Skills are new. Models haven't been trained on them yet. Give it 2 months.
It's a difference of "choose whether or not to make use of a skill that would THEN attempt to find what you need in the docs" vs. "here's a list of everything in the docs that you might need."
Skills are still very much relevant on big and diverse projects.
I have a skill in a project named "determine-feature-directory" with a short description explaining that it is meant to determine the feature directory of a current branch. The initial prompt I provide will tell it to determine the feature directory and do other work. Claude will even state "I need to determine the feature directory..."
Then, about 5-10% of the time, it will not use the skill. It does use the skill most of the time, but the low failure rate is frustrating because it makes it tough to tell whether or not a prompt change actually improved anything. Of course I could be doing something wrong, but it does work most of the time. I miss deterministic bugs.
Recently, I stopped Claude after it skipped using a skill and just said "Aren't you forgetting something?". It then remembered to use the skill. I found that amusing.
*You are the Super Duper Database Master Administrator of the Galaxy*
does not improve the model ability reason about databases?
If I remind it, it will be go, "oh yes, ok, sure." then do it, but the whole point is that I want to optimize my time with the agent.
I need to evaluate how do different project scaffolding impacts the results of Claude Code/Opencode (either with Anthropic models or third party) for agentic purpose.
But I am unsure on how should I be testing and it's not very clear how did Vercel proceeded here.
But switching over to using coding agents we never did the same. Feels like building an eval set will be an important part of what engg orgs do going forward.
There is a lot of language floating around what effectively groups of text files put together in different configurations, or selected reliably.
Just create an MCP server that does embedding retrieval or agentic retrieval with a sub agent on your framework docs.
Finally add an instruction to AGENT.md to look up stuff using that MCP.

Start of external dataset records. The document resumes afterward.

(* Let $\mathfrak{C}$ be a chromosome-set. A finite string $s$ is a multiplicity-extremal substring (MES) for $\mathfrak{C}$ if and only if there exist characters $c_1\neq c_2$ and $c_3\neq c_4$ such that $c_1s$, $c_2s$, $sc_3$ and $sc_4$ are all substrings of $\mathfrak{C}$.
   Context: All strings are over a fixed finite alphabet $\Sigma$. A cyclic string is a bi-infinite periodic word $\mathbb{Z}\to\Sigma$ up to shift, with least period $d$. A finite string is a substring of a cyclic string $c$ if it is a contiguous block of $c$; its number of occurrences in $c$ is the number of starting positions modulo $d$ at which it appears; a cyclic string is a substring only of itself. A chromosome-set is a (possibly infinite) set of cyclic strings; a string is a substring of it if it is a substring of one of its elements. A (finite or cyclic) string $s$ is a multiplicity-extremal substring (MES) for $\mathfrak{C}$ if $s$ is a substring of $\mathfrak{C}$ and every proper superstring $t$ of $s$ (a string $t\neq s$ containing $s$ as a substring) has, in at least one element of $\mathfrak{C}$, strictly fewer occurrences than $s$. *)

From mathcomp Require Import all_boot.
Set Implicit Arguments. Unset Strict Implicit. Unset Printing Implicit Defensive.

Section Strings.
Variable T : finType.

(* A cyclic string is represented by a nonempty word w: it denotes the
   bi-infinite periodic word  i |-> w_(i mod |w|).  Different representatives
   (rotations, powers) denote the same cyclic string; all notions below are
   invariant under this. *)
Definition cyc := {w : seq T | 0 < size w}.

(* letter at position i (i : nat; the word is periodic so nat positions suffice) *)
Definition cletter (w : seq T) (i : nat) : option T := onth w (i %% size w).

Definition period (w : seq T) : nat :=
  head (size w) [seq d <- iota 1 (size w) | rot d w == w].

Definition matches_at (w s : seq T) (p : nat) : bool :=
  all (fun j => cletter w (p + j) == onth s j) (iota 0 (size s)).

(* the cyclic string t appears at position p of the cyclic word w, i.e. the
   bi-infinite word of w shifted by p equals that of t (checking size w * size t
   positions suffices by periodicity) *)
Definition cmatches_at (w t : seq T) (p : nat) : bool :=
  all (fun i => cletter w (p + i) == cletter t i) (iota 0 (size w * size t)).

Inductive str := Fin of seq T | Cyc of cyc.

Definition occ (t : str) (c : cyc) : nat :=
  match t with
  | Fin s => count (matches_at (val c) s) (iota 0 (period (val c)))
  | Cyc u => count (cmatches_at (val c) (val u)) (iota 0 (period (val c)))
  end.

Definition substr_cyc (t : str) (c : cyc) : Prop :=
  match t with
  | Fin s => exists p, matches_at (val c) s p
  | Cyc u => exists p, cmatches_at (val c) (val u) p
  end.

Definition chromset := cyc -> Prop.

Definition substr_set (t : str) (C : chromset) : Prop :=
  exists c, C c /\ substr_cyc t c.

Definition proper_super (s t : str) : Prop :=
  match s, t with
  | Fin s, Fin t => t != s /\ infix s t
  | Fin s, Cyc u => substr_cyc (Fin s) u
  | Cyc _, _ => False
  end.

Definition MES (s : str) (C : chromset) : Prop :=
  substr_set s C /\
  forall t, proper_super s t -> exists c, C c /\ occ t c < occ s c.

End Strings.

(* If all occurrences of [s] in a chromosome are preceded by the same letter [a], then [a s]
   occurs there exactly as often as [s]; hence a MES has two distinct left and two distinct
   right one-letter extensions.  Conversely, a proper finite superstring of [s] contains some
   [a s] (or [s a]), and [a s] occurs strictly less often than [s] in any chromosome containing
   [b s] with [b != a].  A cyclic string [u] occurs at most once per least period; if it occurs
   in both chromosomes containing [c1 s] and [c2 s], these are the cyclic string [u] itself, so
   [s] occurs twice in it; otherwise a chromosome missing [u] is the witness. *)

From mathcomp Require Import all_boot zify.
From Stdlib Require Import Classical_Prop.
Set Implicit Arguments. Unset Strict Implicit. Unset Printing Implicit Defensive.

Lemma count_iota_periodic (P : pred nat) d k : (forall x, P (x + d) = P x) ->
  count P (iota k d) = count P (iota 0 d).
Proof.
move=> P_per; elim: k => [//|k <-].
have /(congr1 (count P)) : iota k d ++ iota (k + d) 1 = k :: iota k.+1 d.
  by rewrite -iotaD addn1.
by rewrite count_cat /= P_per addn0 addnC => /addnI.
Qed.

Section Counting.
Variable A : eqType.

Does the model even understand what this line even means?
Which is why I use a skill that is a command, that routes requests to agents and skills.
------> Captain Obvious Strikes Again! <----------
See the rest the comments for examples pedantic discussions about terms that are ultimately somewhat arbitrary and if anything suggest the singularity will be runaway technobabble not technological progress.
they used prisma to handle their database interactions. they preached tRPC and screamed TYPE SAFETY!!!
you really think these guys will ever again touch the keyboard to program? they despise programming.
I guess you need to make sure your file paths are self-explanatory and fairly unique, otherwise the agent might bring extra documentation into the context trying to find which file had what it needed?